The decision out of the court's Ninth Circuit in San Francisco overturns an earlier appellate decision to the contrary. The issue has see-sawed since January 2006, when a federal judge in Prescott first ruled that Arizona Snowbowl's plan to run a pipe up the mountain from a water treatment plant in Flagstaff was acceptable under federal environmental law.

A coalition of tribes and environmental groups led by the Navajo Nation appealed the decision on religious grounds, and it was overturned in March 2007 by a three-judge panel at the Ninth Circuit. Snowbowl's owners asked that the case be reviewed en banc - by the entire bench of appellate judges - which came back with a 9-3 decision in favor of Snowbowl.

At issue was whether the possibility of residual human waste in the reclaimed water — estimated at .0001 percent — desecrated lands held sacred by several tribes. The resort lies not on Indian reservation land but on U.S. Forest Service land on the San Francisco Peaks, which are held sacred by the Hopi, Navajo, Apache, Havasupai and Hualapai peoples.

Friday's ruling sympathizes with the tribes' religious beliefs but points out that there is no likelihood of ecological damage from use of the reclaimed water, nor would any tribal members be denied access to worship. The spiritual effect, it opines, is not substantially harmed to prohibit the resort's plans.

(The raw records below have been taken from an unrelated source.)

(* Let $M\ge 1$ be an integer, let $U=\{0,1,\ldots,M-1\}$, and let $\phi:\binom{U}{2}\to\{\text{red},\text{blue}\}$ be an arbitrary $2$-coloring of the pairs of $U$. Let $H=H_\phi$ be the $4$-uniform hypergraph on $V=\{0,1,\ldots,2^M-1\}$ defined below. Then $H$ contains no copy of $K_5^{(4)}$, i.e., there is no $5$-element set $P\subseteq V$ all of whose $4$-element subsets are edges of $H$.
   Context: Every $a\in V=\{0,\ldots,2^M-1\}$ is written in binary as $a=\sum_{i=0}^{M-1}a(i)2^i$ with $a(i)\in\{0,1\}$. For $a\ne b$ in $V$, $\delta(a,b)$ denotes the largest index $i$ with $a(i)\ne b(i)$; thus $\delta(a,b)\in U$. For a pair $\{x,y\}$ of distinct elements of $U$ we write $\phi(x,y)=\phi(y,x)$ for its color. For a $4$-tuple $v_1<v_2<v_3<v_4$ of $V$, set $\delta_i=\delta(v_i,v_{i+1})$ for $i=1,2,3$. The $4$-tuple $\{v_1,v_2,v_3,v_4\}$ is an edge of $H$ if and only if one of the following holds: (i) $\delta_1<\delta_2<\delta_3$ or $\delta_1>\delta_2>\delta_3$, and $\phi(\delta_1,\delta_2)=\phi(\delta_2,\delta_3)\ne\phi(\delta_1,\delta_3)$; (ii) $\delta_1>\delta_2<\delta_3$, $\delta_1>\delta_3$, and $\phi(\delta_1,\delta_2)\ne\phi(\delta_2,\delta_3)$; (iii) $\delta_1>\delta_2<\delta_3$, $\delta_1<\delta_3$, and $\phi(\delta_1,\delta_2)=\phi(\delta_1,\delta_3)=\phi(\delta_2,\delta_3)$. (Consecutive values $\delta_i,\delta_{i+1}$ are always distinct, and in cases (ii),(iii) $\delta_1\neq\delta_3$ is required, so all colors above are of pairs of distinct elements.) *)

From mathcomp Require Import all_boot.
Unset Printing Implicit Defensive.

Definition bit (a i : nat) : bool := odd (a %/ 2 ^ i).

Definition delta (M a b : nat) : nat := \max_(i < M | bit a i != bit b i) i.

(* Edge condition for v1 < v2 < v3 < v4, colouring phi on pairs of U
   (colours encoded as bool). *)
Definition edge_cond (M : nat) (phi : nat -> nat -> bool) (v1 v2 v3 v4 : nat) : bool :=
  let d1 := delta M v1 v2 in
  let d2 := delta M v2 v3 in
  let d3 := delta M v3 v4 in
  [|| [&& ((d1 < d2 < d3) || (d3 < d2 < d1)),
          phi d1 d2 == phi d2 d3 & phi d1 d2 != phi d1 d3],
      [&& d2 < d1, d2 < d3, d3 < d1 & phi d1 d2 != phi d2 d3]
    | [&& d2 < d1, d2 < d3, d1 < d3, phi d1 d2 == phi d1 d3 & phi d1 d3 == phi d2 d3]].

Definition hedge (M : nat) (phi : nat -> nat -> bool) (S : {set 'I_(2 ^ M)}) : Prop :=
  exists v1 v2 v3 v4 : 'I_(2 ^ M),
    [/\ v1 < v2, v2 < v3, v3 < v4, S = [set v1; v2; v3; v4]
      & edge_cond M phi v1 v2 v3 v4].

From mathcomp Require Import all_boot zify.

(* Order a putative K_5^(4) as v0 < ... < v4 and let a, b, c, d be the deltas of
   consecutive vertices.  The delta of v_i < v_j is the largest binary digit in
   which they differ, so it is the maximum of the consecutive deltas in between,
   and the deltas of v_i v_j and v_j v_k never coincide.  The five edge conditions
   therefore only see the relative order of a, b, c, d and the colours of the
   pairs among them.  Compressing a, b, c, d monotonically into {0, ..., 3} leaves
   finitely many configurations, all of which are ruled out by computation. *)

Lemma bit_divn_exp x k j : bit (x %/ 2 ^ k) j = bit x (k + j).
Proof. by rewrite /bit -divnMA -expnD. Qed.

Lemma bit_small {M x j} : x < 2 ^ M -> M <= j -> bit x j = false.
Proof. by move=> ltx leMj; rewrite /bit divn_small // (leq_trans ltx) ?leq_pexp2l. Qed.

Lemma eq_bits x y : bit x =1 bit y -> x = y.
Proof.
suff eq_bits_lt n : forall x y, x < 2 ^ n -> y < 2 ^ n -> bit x =1 bit y -> x = y.
  by apply: (eq_bits_lt (x + y)); apply: leq_ltn_trans (ltn_expl _ (ltnSn 1));
    rewrite ?leq_addr ?leq_addl.
elim: n => [|n IHn] {}x {}y ltx lty eq_xy.
  by move: ltx lty; rewrite expn0 !ltnS !leqn0 => /eqP-> /eqP->.
rewrite -[x]odd_double_half -[y]odd_double_half.
have := eq_xy 0; rewrite /bit !expn0 !divn1 => ->; congr (_ + _.*2).
apply: IHn => [||j]; rewrite -?divn2.
- rewrite expnS in ltx; lia.
- rewrite expnS in lty; lia.
by have := eq_xy j.+1; rewrite -addn1 addnC -!bit_divn_exp expn1.
Qed.

Lemma bit_leq_agree_above {x y k} : x <= y ->
  (forall j, k < j -> bit x j = bit y j) -> bit x k <= bit y k.
Proof.
move=> le_xy agree; set qx := x %/ 2 ^ k; set qy := y %/ 2 ^ k.
have half_q z : (z %/ 2 ^ k)./2 = z %/ 2 ^ k.+1 by rewrite -divn2 -divnMA expnSr.
have eq_half : qx./2 = qy./2.
  rewrite !half_q; apply: eq_bits => j; rewrite !bit_divn_exp; apply: agree; lia.
have : odd qx + qx./2.*2 <= odd qy + qy./2.*2 by rewrite !odd_double_half leq_div2r.
by rewrite eq_half leq_add2r.
Qed.

Lemma delta_lt M a b : 0 < M -> delta M a b < M.
Proof.
move=> M_gt0; apply: (@leq_ltn_trans M.-1); last by rewrite ltn_predL.
by apply/bigmax_leqP => i _; rewrite -ltnS prednK.
Qed.

Lemma delta_eq M u v k : k < M -> bit u k != bit v k ->
  (forall j, k < j -> bit u j = bit v j) -> delta M u v = k.
Proof.
move=> ltkM neq_k agree; apply/eqP; rewrite eqn_leq (leq_bigmax_cond (Ordinal ltkM)) // andbT.
by apply/bigmax_leqP => j; apply: contraR; rewrite -ltnNge => /agree->.
Qed.

Lemma delta_spec {M u v} : u < 2 ^ M -> v < 2 ^ M -> u != v ->
  [/\ delta M u v < M, bit u (delta M u v) != bit v (delta M u v)
    & forall j, delta M u v < j -> bit u j = bit v j].
Proof.
move=> ltu ltv neq_uv.
have [i0 neq_i0] : exists i0 : 'I_M, bit u i0 != bit v i0.
  apply/existsP; apply: contraR neq_uv; rewrite negb_exists => /forallP eq_lt.
  apply/eqP/eq_bits => j; have [ltjM | leMj] := ltnP j M.
    by apply/eqP; have := eq_lt (Ordinal ltjM); rewrite negbK.
  by rewrite (bit_small ltu leMj) (bit_small ltv leMj).
split.
- by apply: delta_lt; apply: leq_ltn_trans (ltn_ord i0).
- by rewrite /delta (bigmax_eq_arg i0 neq_i0); case: arg_maxnP.
move=> j ltj; have [ltjM | leMj] := ltnP j M; last first.
  by rewrite (bit_small ltu leMj) (bit_small ltv leMj).
apply/eqP; apply: contraTT ltj; rewrite -leqNgt => neq_j.
exact: (leq_bigmax_cond (Ordinal ltjM)).
Qed.

Lemma delta_ltn_bits {M u v} : u < 2 ^ M -> v < 2 ^ M -> u < v ->
  ~~ bit u (delta M u v) && bit v (delta M u v).
Proof.
move=> ltu ltv lt_uv; have [_ neq_d agree] := delta_spec ltu ltv (negbT (ltn_eqF lt_uv)).
have := bit_leq_agree_above (ltnW lt_uv) agree.
by move: neq_d; case: (bit u _); case: (bit v _).
Qed.

Lemma delta_trans {M u v w} : u < 2 ^ M -> v < 2 ^ M -> w < 2 ^ M -> u < v -> v < w ->
  delta M u v != delta M v w /\ delta M u w = maxn (delta M u v) (delta M v w).
Proof.
move=> ltu ltv ltw lt_uv lt_vw.
have [ltM1 _ agree1] := delta_spec ltu ltv (negbT (ltn_eqF lt_uv)).
have [ltM2 _ agree2] := delta_spec ltv ltw (negbT (ltn_eqF lt_vw)).
move: (delta_ltn_bits ltu ltv lt_uv) (delta_ltn_bits ltv ltw lt_vw).
set d1 := delta M u v; set d2 := delta M v w => /andP[u1 v1] /andP[v2 w2].
have [lt12 | lt21 | eq12] := ltngtP d1 d2; last by rewrite eq12 (negbTE v2) in v1.
- split => //.
  apply: delta_eq => // [|j ltj].
    by rewrite agree1 // (negbTE v2) w2.
  by rewrite agree1 ?agree2 //; apply: ltn_trans ltj.
- split => //.
  apply: delta_eq => // [|j ltj].
    by rewrite -agree2 // (negbTE u1) v1.
  by rewrite agree1 ?agree2 //; apply: ltn_trans ltj.
Qed.

Definition edge_pat (phi : nat -> nat -> bool) d1 d2 d3 : bool :=
  [|| [&& (d1 < d2 < d3) || (d3 < d2 < d1),
          phi d1 d2 == phi d2 d3 & phi d1 d2 != phi d1 d3],
      [&& d2 < d1, d2 < d3, d3 < d1 & phi d1 d2 != phi d2 d3]
    | [&& d2 < d1, d2 < d3, d1 < d3, phi d1 d2 == phi d1 d3 & phi d1 d3 == phi d2 d3]].

Lemma edge_condE M phi v1 v2 v3 v4 :
  edge_cond M phi v1 v2 v3 v4 = edge_pat phi (delta M v1 v2) (delta M v2 v3) (delta M v3 v4).
Proof. by []. Qed.

(* The delta sequences of the five 4-subsets of a chain with consecutive deltas
   [a, b, c, d]: by [delta_trans], the delta of [v_i, v_j] is the maximum of the
   consecutive deltas in between. *)
Definition clique_pat phi a b c d :=
  [&& edge_pat phi a b c, edge_pat phi b c d, edge_pat phi (maxn a b) c d,
      edge_pat phi a (maxn b c) d & edge_pat phi a b (maxn c d)].

(* [delta v_i v_j != delta v_j v_k] for all [i < j < k]. *)
Definition consistent_deltas a b c d :=
  [&& a != b, a != maxn b c, a != maxn (maxn b c) d, maxn a b != c,
      maxn a b != maxn c d, maxn (maxn a b) c != d, b != c, b != maxn c d,
      maxn b c != d & c != d].

Lemma maxn_in {D : {pred nat}} {x y} : x \in D -> y \in D -> maxn x y \in D.
Proof. by case: leqP. Qed.

Section OrderInvariance.

Variables (D : {pred nat}) (r : nat -> nat).
Hypothesis r_mono : {in D &, {mono r : x y / x < y}}.

Lemma leq_mono_in : {in D &, {mono r : x y / x <= y}}.
Proof. by move=> x y Dx Dy; apply/idP/idP; apply: contraTT; rewrite -!ltnNge r_mono. Qed.
(* Let $1\le k\le n-1$ and identify $H^*(G_{2k}(\mathbb R^{2n}))$ with the $(+1)$-eigenspace of $\rho^*$ on $H^*(\tilde G_{2k}(\mathbb R^{2n}))$ via $\pi^*$. Write $A=\mathrm{Span}\{p_1^{r_1}\cdots p_k^{r_k}:\sum_{i=1}^kr_i\le n-k-1\}$, $B=\mathrm{Span}\{\bar p_1^{r_1}\cdots\bar p_{n-k}^{r_{n-k}}:\sum_{i=1}^{n-k}r_i\le k-1\}$. Then: (1) multiplication by $e$ is a linear isomorphism $A\to e\cdot A$, and multiplication by $\bar e$ is a linear isomorphism $B\to\bar e\cdot B$; (2) $e\cdot A\oplus\bar e\cdot B$ (a direct sum) is the $(-1)$-eigenspace of $\rho^*$; (3) $e\cdot H^*(G_{2k}(\mathbb R^{2n}))\cap\bar e\cdot H^*(G_{2k}(\mathbb R^{2n}))=0$ and $e\cdot H^*(G_{2k}(\mathbb R^{2n}))\oplus\bar e\cdot H^*(G_{2k}(\mathbb R^{2n}))$ is the $(-1)$-eigenspace of $\rho^*$; (4) the kernel of multiplication by $e$ on $H^*(G_{2k}(\mathbb R^{2n}))$ is $\bar p_{n-k}\cdot B$, and the kernel of multiplication by $\bar e$ is $p_k\cdot A$; (5) $e\cdot A=e\cdot\mathrm{Span}\{\bar p_1^{r_1}\cdots\bar p_{n-k-1}^{r_{n-k-1}}:\sum r_i\le k\}=e\cdot H^*(G_{2k}(\mathbb R^{2n}))$ and $\bar e\cdot B=\bar e\cdot\mathrm{Span}\{p_1^{r_1}\cdots p_{k-1}^{r_{k-1}}:\sum r_i\le n-k\}=\bar e\cdot H^*(G_{2k}(\mathbb R^{2n}))$.
   Context: All cohomology has $\mathbb Q$ coefficients. $\tilde G_{2k}(\mathbb R^{2n})$ is the Grassmannian of oriented $2k$-planes in $\mathbb R^{2n}$, $G_{2k}(\mathbb R^{2n})$ the Grassmannian of $2k$-planes, $\pi$ the double cover forgetting orientation, and $\rho$ the orientation-reversing deck involution; $\pi^*$ is injective with image the $(+1)$-eigenspace of $\rho^*$. $p_i$ ($1\le i\le k$) and $\bar p_i$ ($1\le i\le n-k$) are the Pontryagin classes of the tautological bundle $\gamma$ and the complementary bundle $\bar\gamma$ (fibre $V^\perp$), pulled back to $\tilde G_{2k}(\mathbb R^{2n})$ where relevant; $e$ and $\bar e$ are the Euler classes of the oriented tautological and complementary bundles on $\tilde G_{2k}(\mathbb R^{2n})$ (with $V\oplus V^\perp$ oriented as $\mathbb R^{2n}$). Known relations: $(1+p_1+\dots+p_k)(1+\bar p_1+\dots+\bar p_{n-k})=1$, $e^2=p_k$, $\bar e^2=\bar p_{n-k}$, $e\bar e=0$; the monomials $p_1^{r_1}\cdots p_k^{r_k}$ with $\sum r_i\le n-k$ form a basis of $H^*(G_{2k}(\mathbb R^{2n}))$, as do $\bar p_1^{r_1}\cdots\bar p_{n-k}^{r_{n-k}}$ with $\sum r_i\le k$; total Betti numbers are $\binom nk$ for $G_{2k}(\mathbb R^{2n})$ and $2\binom nk$ for $\tilde G_{2k}(\mathbb R^{2n})$. *)

(* Abstract (axiomatic) model of H^*(~G_{2k}(R^{2n}); Q). *)
From HB Require Import structures.
From mathcomp Require Import all_boot all_order all_algebra all_field.
Set Implicit Arguments. Unset Strict Implicit. Unset Printing Implicit Defensive.
Import Order.TTheory GRing.Theory Num.Theory.
Local Open Scope ring_scope.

“Were it otherwise,” it reads, “any action the federal government were to take, including action on its own land, would be subject to the personalized oversight of millions of citizens. Each citizen would hold an individual veto to prohibit the government action solely because it offends his religious beliefs, sensibilities or tastes, or fails to satisfy his religious desires. Further, giving one religious sect a veto over the use of public park land would deprive others of the right to use what is, by definition, land that belongs to everyone.”